Nous devrions équiper ce robot :
1°) de systèmes perceptifs qui soient les plus complets possibles, en
mesure d’enregistrer des images, des sons, des odeurs ;
2°) d’une capacité de stockage, de mémorisation à long terme de ces
informations perçues ;
3°) d’une capacité de manipulation et de comparaison des données
stockées avec des perceptions directes du monde réel, c’est-à-dire en
somme une « mémoire de travail ».
Or, sur la base d’un tel équipement, il est fort à parier que notre robot
construira des valeurs ou des représentations analogues à celles que les
humains désignent comme étant « temporelles » (« heure, durée, passé,
futur… »).
Il semble donc que devoir coïncider spatialement avec d’autres mobiles
en mouvement dans l’espace induise la construction de notions
temporelles. Il est donc possible que ces notions puisent leur origine, leur
nécessité, dans la condition animale de devoir conceptualiser ses propres
mouvements, ainsi que les mouvements et positions de la nourriture, des
partenaires sexuels et des prédateurs.
Sur la base de l’expérience menée avec notre robot, on peut proposer que
le « temps » consiste en un ensemble de valeurs numériques et de
représentations abstraites qui expriment des relations entre les propriétés
spatiales et dynamiques de différents mobiles en mouvement dans le
monde, dont le sujet lui-même, ces représentations étant construites sur la
base d’informations mémorisées et/ou perçues directement.
Il est possible que les représentations temporelles aient comme
spécificité de se rapporter non pas à des phénomènes ou des propriétés du
monde, mais à des relations mathématiques établies de façon implicite par
la cognition entre des propriétés d’événements du monde.
Si nous déconnections les capacités de mémoire d’un individu…
Si nous déconnections chez un individu ses fonctions de mémoire de
travail et de mémoire à long terme, le temps n’existerait plus à ses yeux. Il
n’y aurait plus, de son point de vue, que de la matière en mouvement dans
un présent permanent. Ce n’est donc que de cela que le monde est peuplé
hors de la cognition : de la matière en mouvement. Le monde réel ne
contient pas de temps. Si le temps disparaît lorsqu’on déconnecte certaines
fonctions cognitives – non pas perceptives mais de stockage et de
mémorisation, de traitement cognitif – c’est que le temps n’a pas de réalité
dans le monde ; c’est qu’il est une production des systèmes cognitifs.

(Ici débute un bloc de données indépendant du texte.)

(* Let $Q$ and $W$ satisfy the standing assumptions with $W=Y$, let $l\ge1$, and let $\mathcal R=\{(\zeta,\hat y)\in\hat X^{I^l_l}\times\hat X^{l\triangledown}:\zeta\in\hat y\}$. Then (i) $\mathcal R$ is a simulation relation from $\hat Q^{I^l_l}$ to $\hat Q^{l\triangledown}$ w.r.t. $Y$ if and only if $Q$ is domino consistent (for this $l$); and (ii) $\mathcal R^{-1}$ is a simulation relation from $\hat Q^{l\triangledown}$ to $\hat Q^{I^l_l}$ w.r.t. $Y$ if and only if $Q$ is future unique w.r.t. $I^l_l$.
   Context: Strings and signals: $\diamond$ is a symbol not in any other set considered. For a set $A$ and $l\in\mathbb N_0$, $A^l$ is the set of strings of length $l$ over $A$, indexed $\zeta=\zeta(0)\cdots\zeta(l-1)$; $\lambda$ is the empty string and $\cdot$ denotes concatenation. For a map $w$ on $\mathbb Z$ (or a string) and integers $t_1\le t_2$, $w|_{[t_1,t_2]}=w(t_1)\cdots w(t_2)$ is the string of length $t_2-t_1+1$ (absolute time forgotten); if $t_2<t_1$ it is $\lambda$. For a set $\mathcal S$ of such maps or strings, $\mathcal S|_{[t_1,t_2]}=\{s|_{[t_1,t_2]}:s\in\mathcal S\}$. State machines: a state machine is $Q=(X,U,Y,\delta,X_0)$ with $X_0\subseteq X$, $\delta\subseteq X\times U\times Y\times X$. Let $H_\delta(x)=\{y:\exists u,x'.\,(x,u,y,x')\in\delta\}$, $F_\delta(x,u)=\{x':\exists y\in H_\delta(x).\,(x,u,y,x')\in\delta\}$. The full behavior $\mathcal B_f(Q)$ is the set of $(\mu,\nu,\xi)\in(U\times Y\times X)^{\mathbb N_0}$ with $\xi(0)\in X_0$ and $(\xi(k),\mu(k),\nu(k),\xi(k+1))\in\delta$ for all $k\in\mathbb N_0$. $Q$ is live and reachable if every $x\in X_0$ is $\xi(0)$ for some $(\mu,\nu,\xi)\in\mathcal B_f(Q)$ and every $x\in X$ is $\xi(k)$ for some such trajectory and some $k$. Standing assumptions: $Q=(X,U,Y,\delta,X_0)$ is live and reachable and satisfies $(x,u,y,x')\in\delta\iff(x'\in F_\delta(x,u)\wedge y\in H_\delta(x))$ for all $x,x'\in X,u\in U,y\in Y$; the external signal space $W$ is finite and either $W=U\times Y$ or $W=Y$ (here $W=Y$, with $\pi_W(u,y)=\pi_Y(u,y)=y$). Behaviors: $\mathcal B(Q)$ is the set of $w:\mathbb Z\to Y\cup\{\diamond\}$ such that for some $(\mu,\nu,\xi)\in\mathcal B_f(Q)$, $w(k)=\diamond$ for $k<0$ and $w(k)=\nu(k)$ for $k\ge0$. $\mathcal B_S(Q)$ is the set of pairs $(w,\xi)$ of maps on $\mathbb Z$ with $w(k)=\xi(k)=\diamond$ for $k<0$ and $(w(k),\xi(k))=(\nu(k),\xi'(k))$ for $k\ge0$, for some $(\mu,\nu,\xi')\in\mathcal B_f(Q)$. For a set $\mathcal B$ of maps on $\mathbb Z$, $\Pi_l(\mathcal B)=\bigcup_{k\in\mathbb N_0}\mathcal B|_{[k-l+1,k]}$. Corresponding strings: for integers $a,b$ and $x\in X$, $E^{[a,b]}(x)=\{\zeta:\exists(w,\xi)\in\mathcal B_S(Q),k\in\mathbb N_0:\ \xi(k)=x,\ \zeta=w|_{[k+a,k+b]}\}$. For $l,m\in\mathbb N_0$ with $m\le l$, $I^l_m=[m-l,m-1]$; in particular $I^l_l=[0,l-1]$. Future uniqueness: $Q$ is future unique w.r.t. $I^l_m$ if for all $x\in X$ and $\zeta,\zeta'\in E^{I^l_m}(x)$, $\zeta|_{[l-m,l-1]}=\zeta'|_{[l-m,l-1]}$. Abstract state machine: $\hat Q^{I^l_m}=(\hat X^{I^l_m},U,Y,\hat\delta^{I^l_m},\hat X^{I^l_m}_0)$ with $\hat X^{I^l_m}=\bigcup_{x\in X}E^{I^l_m}(x)$, $\hat X^{I^l_m}_0=\bigcup_{x\in X_0}E^{I^l_m}(x)$, and $(\hat x,u,y,\hat x')\in\hat\delta^{I^l_m}$ iff (1) $\hat x'|_{[0,l-m-1]}=(\hat x|_{[0,l-m-1]}\cdot\pi_W(u,y))|_{[1,l-m]}$, (2) $\hat x|_{[l-m,l-1]}=(\pi_W(u,y)\cdot\hat x'|_{[l-m,l-2]})|_{[0,m-1]}$, and (3) there are $x,x'\in X$ with $\hat x\in E^{I^l_m}(x)$, $\hat x'\in E^{I^l_m}(x')$, $(x,u,y,x')\in\delta$. Quotient state machine (for $W=Y$): $\hat Q^{l\triangledown}=(\hat X^{l\triangledown},U,Y,\hat\delta^{l\triangledown},\hat X^{l\triangledown}_0)$ with $\hat X^{l\triangledown}=\{E^{I^l_l}(x):x\in X\}$ (a set of subsets of $Y^l$), $\hat X^{l\triangledown}_0=\{E^{I^l_l}(x):x\in X_0\}$, and $(\hat x,u,y,\hat x')\in\hat\delta^{l\triangledown}$ iff there exist $x,x'\in X$ with $\hat x=E^{I^l_l}(x)$, $\hat x'=E^{I^l_l}(x')$ and $(x,u,y,x')\in\delta$. Domino consistency (for $W=Y$): $Q$ is domino consistent if for all $\zeta\in\Pi_{l+1}(\mathcal B(Q))$ and all $\hat y\in\hat X^{l\triangledown}$ with $\zeta|_{[0,l-1]}\in\hat y$ there exists $x\in X$ with $E^{I^l_l}(x)=\hat y$ and $\zeta\in E^{[0,l]}(x)$. Simulation relations: for state machines $Q_i=(X_i,U,Y,\delta_i,X_{0,i})$, $i=1,2$, and $V\in\{U\times Y,Y\}$, a relation $\mathcal R\subseteq X_1\times X_2$ is a simulation relation from $Q_1$ to $Q_2$ w.r.t. $V$ if (a) for every $x_1\in X_{0,1}$ there is $x_2\in X_{0,2}$ with $(x_1,x_2)\in\mathcal R$, and (b) for all $(x_1,x_2)\in\mathcal R$ and $(x_1,u_1,y_1,x_1')\in\delta_1$ there exist $u_2,y_2,x_2'$ with $(x_2,u_2,y_2,x_2')\in\delta_2$, $(x_1',x_2')\in\mathcal R$ and $\pi_V(u_1,y_1)=\pi_V(u_2,y_2)$. $\mathcal R^{-1}=\{(x_2,x_1):(x_1,x_2)\in\mathcal R\}$. *)

From Stdlib Require Import ZArith List.
Import ListNotations.
Set Implicit Arguments.
Open Scope Z_scope.

(* The symbol ◇ is represented by [None]; a symbol a of A by [Some a]. *)

(* w|_[t1,t2] for a map w on Z: the string w(t1)...w(t2) (empty if t2 < t1). *)
Definition restr (A : Type) (w : Z -> A) (t1 t2 : Z) : list A :=
  map (fun i : nat => w (t1 + Z.of_nat i)) (seq 0 (Z.to_nat (t2 - t1 + 1))).

Definition str_fun (A : Type) (s : list (option A)) (i : Z) : option A :=
  if i <? 0 then None else nth (Z.to_nat i) s None.

Definition srestr (A : Type) (s : list (option A)) (t1 t2 : Z) : list (option A) :=
  restr (str_fun s) t1 t2.

Definition FiniteType (A : Type) : Prop := exists l : list A, forall a, In a l.

Definition sim_rel (U Y V S1 S2 : Type)
  (d1 : S1 -> U -> Y -> S1 -> Prop) (i1 : S1 -> Prop)
  (d2 : S2 -> U -> Y -> S2 -> Prop) (i2 : S2 -> Prop)
  (pi : U -> Y -> V) (R : S1 -> S2 -> Prop) : Prop :=
  (forall x1, i1 x1 -> exists x2, i2 x2 /\ R x1 x2) /\
  (forall x1 x2 u1 y1 x1', R x1 x2 -> d1 x1 u1 y1 x1' ->
     exists u2 y2 x2', d2 x2 u2 y2 x2' /\ R x1' x2' /\ pi u1 y1 = pi u2 y2).

Definition pi_Y (U Y : Type) (u : U) (y : Y) : Y := y.

Section Machine.
Variables (X U Y : Type).
Variable delta : X -> U -> Y -> X -> Prop.
Variable X0 : X -> Prop.

Definition H_delta (x : X) (y : Y) : Prop := exists u x', delta x u y x'.
Definition F_delta (x : X) (u : U) (x' : X) : Prop :=
  exists y, H_delta x y /\ delta x u y x'.

Definition full_behavior (mu : nat -> U) (nu : nat -> Y) (xi : nat -> X) : Prop :=
  X0 (xi 0%nat) /\ forall k, delta (xi k) (mu k) (nu k) (xi (S k)).

Definition live_reachable : Prop :=
  (forall x, X0 x -> exists mu nu xi, full_behavior mu nu xi /\ xi 0%nat = x) /\
  (forall x, exists mu nu xi k, full_behavior mu nu xi /\ xi k = x).

Definition delta_decomp : Prop :=
  forall x u y x', delta x u y x' <-> (F_delta x u x' /\ H_delta x y).

Definition behavior (w : Z -> option Y) : Prop :=
  exists mu nu xi, full_behavior mu nu xi /\
    (forall k, k < 0 -> w k = None) /\
    (forall k, 0 <= k -> w k = Some (nu (Z.to_nat k))).

Definition behavior_S (w : Z -> option Y) (xi : Z -> option X) : Prop :=
  exists mu nu xi', full_behavior mu nu xi' /\
    (forall k, k < 0 -> w k = None /\ xi k = None) /\
    (forall k, 0 <= k -> w k = Some (nu (Z.to_nat k)) /\ xi k = Some (xi' (Z.to_nat k))).

Definition Pi (l : nat) (B : (Z -> option Y) -> Prop) (zeta : list (option Y)) : Prop :=
  exists w (k : nat), B w /\ zeta = restr w (Z.of_nat k - Z.of_nat l + 1) (Z.of_nat k).

Definition E (a b : Z) (x : X) (zeta : list (option Y)) : Prop :=
  exists w xi (k : nat), behavior_S w xi /\ xi (Z.of_nat k) = Some x /\
    zeta = restr w (Z.of_nat k + a) (Z.of_nat k + b).

Definition E_I (l m : nat) (x : X) : list (option Y) -> Prop :=
  E (Z.of_nat m - Z.of_nat l) (Z.of_nat m - 1) x.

Le temps n’est pas un phénomène du monde perçu en aval des systèmes
perceptifs, mais une construction produite en aval de traitements cognitifs
d’informations perçues.
Et si l’humain a la conviction que le temps appartient au monde, c’est
parce que sa cognition manipule et compare en permanence des données
mémorisées et qu’elle produit donc en permanence des idées temporelles,
même lorsque la conscience ne prête pas attention aux événements du
monde.
Une essence hybride du temps ?
Il est possible d’envisager que le temps ne soit pas ou extra-mental ou
intra-mental mais quelque chose qui résulte d’une combinaison de
propriétés extra et intra-mentales. En ce sens, le postulat d’une essence
ultra-cognitiviste du temps pourrait être considérée comme excessive,
partielle. L’essence du temps pourrait être considérée comme étant hybride,
intra et extra-mentale.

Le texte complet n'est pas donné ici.